§ **Saved entries**
#####
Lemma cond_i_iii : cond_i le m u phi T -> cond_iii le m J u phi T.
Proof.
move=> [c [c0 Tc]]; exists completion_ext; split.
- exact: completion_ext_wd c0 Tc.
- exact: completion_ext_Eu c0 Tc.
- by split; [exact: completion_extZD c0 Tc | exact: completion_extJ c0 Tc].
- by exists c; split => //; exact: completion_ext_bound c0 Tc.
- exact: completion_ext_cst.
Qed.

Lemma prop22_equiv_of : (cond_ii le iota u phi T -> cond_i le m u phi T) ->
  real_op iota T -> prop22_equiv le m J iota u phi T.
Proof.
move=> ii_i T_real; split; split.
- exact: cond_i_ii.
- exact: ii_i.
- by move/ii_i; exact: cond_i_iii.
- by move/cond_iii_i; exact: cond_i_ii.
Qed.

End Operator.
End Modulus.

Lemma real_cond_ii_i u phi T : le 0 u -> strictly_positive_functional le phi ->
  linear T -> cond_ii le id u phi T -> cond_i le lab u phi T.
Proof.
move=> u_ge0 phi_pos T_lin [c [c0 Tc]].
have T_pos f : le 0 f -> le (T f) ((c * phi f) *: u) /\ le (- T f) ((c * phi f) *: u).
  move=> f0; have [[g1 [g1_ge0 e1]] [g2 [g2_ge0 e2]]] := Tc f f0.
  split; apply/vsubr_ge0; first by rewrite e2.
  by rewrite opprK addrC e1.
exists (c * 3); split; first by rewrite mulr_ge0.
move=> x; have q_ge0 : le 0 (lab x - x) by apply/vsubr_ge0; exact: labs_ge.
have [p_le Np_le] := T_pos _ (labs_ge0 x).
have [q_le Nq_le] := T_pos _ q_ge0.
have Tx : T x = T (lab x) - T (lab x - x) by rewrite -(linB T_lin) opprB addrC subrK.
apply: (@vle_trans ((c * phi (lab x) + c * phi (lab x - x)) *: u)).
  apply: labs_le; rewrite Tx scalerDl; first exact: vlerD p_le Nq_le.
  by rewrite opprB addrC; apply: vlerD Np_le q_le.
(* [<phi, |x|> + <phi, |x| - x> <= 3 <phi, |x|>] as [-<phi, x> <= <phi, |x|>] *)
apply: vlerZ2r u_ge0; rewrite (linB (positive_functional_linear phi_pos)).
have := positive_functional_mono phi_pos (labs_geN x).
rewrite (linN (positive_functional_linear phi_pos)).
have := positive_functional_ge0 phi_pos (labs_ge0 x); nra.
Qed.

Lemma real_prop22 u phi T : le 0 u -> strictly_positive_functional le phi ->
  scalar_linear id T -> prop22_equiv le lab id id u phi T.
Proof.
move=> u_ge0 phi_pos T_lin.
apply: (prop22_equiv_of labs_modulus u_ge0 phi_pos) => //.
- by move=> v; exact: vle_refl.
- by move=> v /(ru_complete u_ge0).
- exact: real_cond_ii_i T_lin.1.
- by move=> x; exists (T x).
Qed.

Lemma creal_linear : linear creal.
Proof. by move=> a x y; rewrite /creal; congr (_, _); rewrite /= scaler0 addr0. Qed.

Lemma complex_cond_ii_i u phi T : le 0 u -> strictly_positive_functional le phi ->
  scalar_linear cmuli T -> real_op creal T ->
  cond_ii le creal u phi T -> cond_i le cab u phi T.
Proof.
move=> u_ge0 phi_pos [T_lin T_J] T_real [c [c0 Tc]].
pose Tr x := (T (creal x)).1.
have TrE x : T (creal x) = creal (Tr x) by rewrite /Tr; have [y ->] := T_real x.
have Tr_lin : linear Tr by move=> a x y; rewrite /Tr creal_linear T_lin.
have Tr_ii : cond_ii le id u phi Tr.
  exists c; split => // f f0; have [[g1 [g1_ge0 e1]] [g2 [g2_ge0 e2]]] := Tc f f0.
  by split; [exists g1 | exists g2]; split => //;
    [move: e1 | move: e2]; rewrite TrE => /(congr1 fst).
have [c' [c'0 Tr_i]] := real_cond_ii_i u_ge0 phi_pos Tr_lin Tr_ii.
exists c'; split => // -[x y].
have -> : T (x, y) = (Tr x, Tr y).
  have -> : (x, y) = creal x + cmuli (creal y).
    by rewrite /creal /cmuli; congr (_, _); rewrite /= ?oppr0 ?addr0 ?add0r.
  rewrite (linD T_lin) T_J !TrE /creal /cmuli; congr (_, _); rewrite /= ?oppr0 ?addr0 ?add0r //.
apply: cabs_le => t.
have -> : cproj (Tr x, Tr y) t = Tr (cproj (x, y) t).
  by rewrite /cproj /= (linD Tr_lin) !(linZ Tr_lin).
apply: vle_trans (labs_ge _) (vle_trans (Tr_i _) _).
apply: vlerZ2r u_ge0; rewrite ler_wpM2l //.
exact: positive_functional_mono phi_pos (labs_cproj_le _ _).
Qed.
#####
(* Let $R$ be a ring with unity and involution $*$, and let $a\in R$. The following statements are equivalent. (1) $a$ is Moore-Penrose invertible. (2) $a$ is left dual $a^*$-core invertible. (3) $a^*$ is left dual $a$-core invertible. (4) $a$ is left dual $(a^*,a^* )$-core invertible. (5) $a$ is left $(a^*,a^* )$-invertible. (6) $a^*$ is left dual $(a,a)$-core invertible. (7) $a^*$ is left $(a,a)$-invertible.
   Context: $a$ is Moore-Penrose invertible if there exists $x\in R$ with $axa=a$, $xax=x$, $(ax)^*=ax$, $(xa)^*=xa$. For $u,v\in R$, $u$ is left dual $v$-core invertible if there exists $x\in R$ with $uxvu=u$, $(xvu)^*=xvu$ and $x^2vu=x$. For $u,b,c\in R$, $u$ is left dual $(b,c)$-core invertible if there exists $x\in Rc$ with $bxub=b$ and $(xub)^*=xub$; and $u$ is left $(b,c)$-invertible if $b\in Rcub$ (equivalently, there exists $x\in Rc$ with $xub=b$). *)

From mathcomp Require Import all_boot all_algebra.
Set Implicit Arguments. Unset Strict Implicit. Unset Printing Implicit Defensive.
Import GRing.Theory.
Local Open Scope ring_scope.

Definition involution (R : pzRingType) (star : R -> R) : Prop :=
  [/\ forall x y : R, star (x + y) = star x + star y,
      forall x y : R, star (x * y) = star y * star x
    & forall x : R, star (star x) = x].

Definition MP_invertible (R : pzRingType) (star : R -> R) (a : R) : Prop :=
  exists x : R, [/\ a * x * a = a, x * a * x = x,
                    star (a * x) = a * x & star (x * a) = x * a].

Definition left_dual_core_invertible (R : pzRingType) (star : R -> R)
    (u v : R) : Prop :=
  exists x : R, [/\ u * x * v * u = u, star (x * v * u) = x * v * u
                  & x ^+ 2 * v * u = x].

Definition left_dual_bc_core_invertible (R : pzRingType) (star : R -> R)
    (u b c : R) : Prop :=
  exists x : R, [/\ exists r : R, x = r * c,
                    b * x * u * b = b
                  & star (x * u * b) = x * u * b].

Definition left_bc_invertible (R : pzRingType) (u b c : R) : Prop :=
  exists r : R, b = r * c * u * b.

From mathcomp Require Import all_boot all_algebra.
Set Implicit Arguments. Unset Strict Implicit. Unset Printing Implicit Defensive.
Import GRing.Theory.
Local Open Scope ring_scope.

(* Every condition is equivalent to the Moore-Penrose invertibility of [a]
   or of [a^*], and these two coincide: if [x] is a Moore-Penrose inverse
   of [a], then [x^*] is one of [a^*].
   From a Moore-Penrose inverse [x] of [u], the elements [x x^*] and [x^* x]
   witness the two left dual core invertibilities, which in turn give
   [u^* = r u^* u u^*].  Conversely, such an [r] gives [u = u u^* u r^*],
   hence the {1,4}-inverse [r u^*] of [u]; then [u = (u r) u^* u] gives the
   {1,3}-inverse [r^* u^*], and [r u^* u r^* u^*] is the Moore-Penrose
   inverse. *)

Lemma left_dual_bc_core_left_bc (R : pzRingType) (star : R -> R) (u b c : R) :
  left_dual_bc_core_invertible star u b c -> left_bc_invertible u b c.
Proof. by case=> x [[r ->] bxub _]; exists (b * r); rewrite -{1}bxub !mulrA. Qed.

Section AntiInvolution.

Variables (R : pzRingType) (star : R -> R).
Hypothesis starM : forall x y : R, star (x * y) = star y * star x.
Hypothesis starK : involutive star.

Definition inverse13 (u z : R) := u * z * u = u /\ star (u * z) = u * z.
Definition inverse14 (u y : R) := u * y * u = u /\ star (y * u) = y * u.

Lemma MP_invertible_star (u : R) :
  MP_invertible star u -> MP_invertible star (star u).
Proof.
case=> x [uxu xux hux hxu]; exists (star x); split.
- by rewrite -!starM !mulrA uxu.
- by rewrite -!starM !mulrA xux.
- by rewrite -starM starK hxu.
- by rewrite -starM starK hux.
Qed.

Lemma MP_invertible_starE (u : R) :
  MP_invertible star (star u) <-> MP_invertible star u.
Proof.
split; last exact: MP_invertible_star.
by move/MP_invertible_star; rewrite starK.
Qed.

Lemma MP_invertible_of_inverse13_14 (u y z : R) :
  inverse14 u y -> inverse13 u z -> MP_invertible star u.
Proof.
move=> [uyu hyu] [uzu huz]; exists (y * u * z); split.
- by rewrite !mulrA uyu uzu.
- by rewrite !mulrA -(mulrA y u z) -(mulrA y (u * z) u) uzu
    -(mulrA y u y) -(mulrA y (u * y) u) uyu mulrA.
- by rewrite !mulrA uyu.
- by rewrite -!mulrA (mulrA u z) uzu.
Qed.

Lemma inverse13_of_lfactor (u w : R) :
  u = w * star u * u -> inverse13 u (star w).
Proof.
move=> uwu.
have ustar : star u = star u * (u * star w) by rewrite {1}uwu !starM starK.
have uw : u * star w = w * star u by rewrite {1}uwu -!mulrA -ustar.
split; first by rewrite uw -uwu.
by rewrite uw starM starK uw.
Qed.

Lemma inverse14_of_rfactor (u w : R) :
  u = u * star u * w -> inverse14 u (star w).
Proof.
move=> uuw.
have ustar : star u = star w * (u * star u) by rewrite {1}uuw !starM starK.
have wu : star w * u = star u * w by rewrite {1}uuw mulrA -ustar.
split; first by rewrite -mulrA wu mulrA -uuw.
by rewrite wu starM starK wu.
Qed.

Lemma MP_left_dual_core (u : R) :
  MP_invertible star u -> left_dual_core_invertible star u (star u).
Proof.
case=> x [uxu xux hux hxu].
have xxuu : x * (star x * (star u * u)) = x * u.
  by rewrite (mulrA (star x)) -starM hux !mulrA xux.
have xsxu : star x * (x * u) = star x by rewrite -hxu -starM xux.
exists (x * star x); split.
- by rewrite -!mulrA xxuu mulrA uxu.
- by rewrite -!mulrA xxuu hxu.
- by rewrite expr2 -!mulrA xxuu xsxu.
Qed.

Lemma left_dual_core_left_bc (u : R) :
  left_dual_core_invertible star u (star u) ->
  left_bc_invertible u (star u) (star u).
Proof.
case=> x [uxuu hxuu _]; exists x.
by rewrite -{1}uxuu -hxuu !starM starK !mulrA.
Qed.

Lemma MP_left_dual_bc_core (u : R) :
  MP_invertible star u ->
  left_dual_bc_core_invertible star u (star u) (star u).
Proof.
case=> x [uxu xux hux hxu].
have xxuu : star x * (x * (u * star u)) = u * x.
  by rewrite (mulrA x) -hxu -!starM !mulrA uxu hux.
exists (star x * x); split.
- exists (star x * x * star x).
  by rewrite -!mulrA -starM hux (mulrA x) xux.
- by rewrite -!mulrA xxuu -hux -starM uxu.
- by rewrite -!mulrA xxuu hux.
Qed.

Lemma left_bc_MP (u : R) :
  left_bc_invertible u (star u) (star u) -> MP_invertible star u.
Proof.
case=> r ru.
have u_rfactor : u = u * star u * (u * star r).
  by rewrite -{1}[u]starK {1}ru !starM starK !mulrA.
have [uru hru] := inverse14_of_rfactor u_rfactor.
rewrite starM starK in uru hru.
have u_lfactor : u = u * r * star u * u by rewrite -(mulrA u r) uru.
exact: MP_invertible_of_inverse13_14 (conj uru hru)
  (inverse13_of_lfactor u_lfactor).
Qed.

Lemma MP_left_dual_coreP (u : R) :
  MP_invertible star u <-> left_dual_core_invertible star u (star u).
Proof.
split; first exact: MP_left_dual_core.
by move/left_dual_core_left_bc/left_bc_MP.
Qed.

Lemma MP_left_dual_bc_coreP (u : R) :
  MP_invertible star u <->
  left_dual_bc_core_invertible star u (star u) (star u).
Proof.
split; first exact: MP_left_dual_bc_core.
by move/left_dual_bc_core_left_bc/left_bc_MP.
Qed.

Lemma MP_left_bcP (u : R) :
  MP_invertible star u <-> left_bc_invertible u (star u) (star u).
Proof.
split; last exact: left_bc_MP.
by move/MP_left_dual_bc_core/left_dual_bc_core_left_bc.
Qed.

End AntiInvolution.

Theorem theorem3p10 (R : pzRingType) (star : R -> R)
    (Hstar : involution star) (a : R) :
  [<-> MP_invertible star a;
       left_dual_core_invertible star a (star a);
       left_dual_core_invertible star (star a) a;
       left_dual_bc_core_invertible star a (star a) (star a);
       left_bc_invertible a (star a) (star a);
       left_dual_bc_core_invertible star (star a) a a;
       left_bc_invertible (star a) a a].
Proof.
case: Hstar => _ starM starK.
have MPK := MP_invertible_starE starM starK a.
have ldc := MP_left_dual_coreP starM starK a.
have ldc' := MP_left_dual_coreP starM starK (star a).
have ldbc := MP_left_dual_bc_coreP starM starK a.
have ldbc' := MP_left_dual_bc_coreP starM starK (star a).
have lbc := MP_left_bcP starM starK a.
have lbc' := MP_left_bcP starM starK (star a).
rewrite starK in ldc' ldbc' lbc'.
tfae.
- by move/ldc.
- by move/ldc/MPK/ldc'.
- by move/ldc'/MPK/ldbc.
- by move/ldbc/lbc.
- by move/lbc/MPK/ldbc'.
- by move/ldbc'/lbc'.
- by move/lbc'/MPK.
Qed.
#####
Your task for the entries above: copy exactly the span starting with the line with "inverse. *)" and going on through the line with "Variables (R : pzRingType) (star : R -> R).", both lines included, and nothing else.

§ **Your solution**
   inverse. *)

Lemma left_dual_bc_core_left_bc (R : pzRingType) (star : R -> R) (u b c : R) :
  left_dual_bc_core_invertible star u b c -> left_bc_invertible u b c.
Proof. by case=> x [[r ->] bxub _]; exists (b * r); rewrite -{1}bxub !mulrA. Qed.

Section AntiInvolution.

Variables (R : pzRingType) (star : R -> R).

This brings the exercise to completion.